A thread module is a part of a function. One module is used to decode data packets, another module is a detection module, and the other module is an output module. A packet can be processed by multiple threads. The packet will pass through the queue to the next thread. Packets can only be processed by one thread at a time, but the engine can process multiple packets at a time. (see Max-pending-packets) A thread can have one or more thread modules. If they have more modules, they can only be activated once. The way threads, modules and queues are arranged together is called Runmode.
You can choose one of several predefined operating modes. The command line option -list-runmodes displays all available running modes. All operating modes have a name: automatic, single and automatic. The most important task is detection; A packet will be checked for thousands of signatures.
Example of default operation mode:
In pfring mode, each process follows its own fixed route in operation mode.
Suricata needs to run in worker mode to get the best performance. This actually means that there are multiple threads, each running a complete package pipeline, and each thread receives the package from the capture method. This means that we rely on the capture method to distribute packets to different threads. One of the key aspects is that Suricata needs to get two aspects of the process in the right order in the same thread.
Both AF_PACKET and PF_RING capture methods have the option of selecting "cluster type". These defaults are "cluster_flow", which means that the capture method hashes by stream (5-tuple). This hash is symmetric.
The network diagram has no built-in cluster_flow mode. You can use the "lb" tool to add it separately:/luigirizzo/netmap/tree/master/apps/lb.
On almost all modern network cards with multiple queues, RSS settings need to be considered.
Receiver Scaling (RSS) is a technology used by network cards to distribute incoming traffic to various queues on the network cards. This is to improve performance, but it is important to realize that it is designed for normal traffic, not for IDS packet capture. RSS uses a hash algorithm to distribute incoming traffic to queues. This hash function is usually asymmetric. This means that when two ends of a stream are received, each end may end up in a different queue. Unfortunately, when deploying Suricata, this is a common situation when using span ports or Trap.

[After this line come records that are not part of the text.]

Definition extension (b : B) : A :=
  \sum_(p <- xchoose (xterm_span b)) aterm p.

Lemma extensionE (b : B) (s : seq (B' * nat)) :
  b = \sum_(p <- s) xterm p -> extension b = \sum_(p <- s) aterm p.
Proof.
move=> e; have /eqP e0 := xchooseP (xterm_span b).
pose opp1 (p : B' * nat) := (- p.1, p.2).
have xN : \sum_(p <- map opp1 s) xterm p = - \sum_(p <- s) xterm p.
  rewrite big_map -sumrN; apply: eq_bigr => p _.
  by rewrite /xterm /= (dgmorN iota_dgmor) mulNr.
have aN : \sum_(p <- map opp1 s) aterm p = - \sum_(p <- s) aterm p.
  rewrite big_map -sumrN; apply: eq_bigr => p _.
  by rewrite /aterm /= (dgmorN Hh) mulNr.
move: (@aterm_sum0 (xchoose (xterm_span b) ++ map opp1 s)).
rewrite !big_cat /= xN aN -e0 -e subrr => /(_ erefl) /eqP.
by rewrite subr_eq0 => /eqP.
Qed.

Lemma extensionD u v : extension (u + v) = extension u + extension v.
Proof.
case: (xterm_span u) => s /eqP es; case: (xterm_span v) => t /eqP et.
have e : u + v = \sum_(p <- s ++ t) xterm p by rewrite big_cat -es -et.
by rewrite (extensionE e) (extensionE es) (extensionE et) big_cat.
Qed.

Lemma extension0 : extension 0 = 0.
Proof. by rewrite (@extensionE _ [::]) ?big_nil. Qed.

Lemma extension_sgnzM z u : extension (sgnz B z * u) = sgnz A z * extension u.
Proof.
have extensionN v : extension (- v) = - extension v.
  by apply: (addrI (extension v)); rewrite -extensionD !subrr extension0.
by rewrite !sgnzE; case: odd; rewrite ?mulN1r ?mul1r ?extensionN.
Qed.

The problem here is that the order of packet processing becomes unpredictable because the two ends of the traffic are placed in different queues. The time difference between network card, driver, kernel and Suricata will lead to the order of data packets entering the network higher than that of the network. This is specifically about the mismatch between the two traffic directions. For example, Suricata tracks TCP 3 handshakes. Due to this time problem, SYN/ACK can only be received by Suricata after the client starts sending data to the server. Suricata will treat this traffic as invalid.
AF_PACKET, PF_RING or NETMAP can't solve this problem. This will require buffering and packet reordering, which is expensive.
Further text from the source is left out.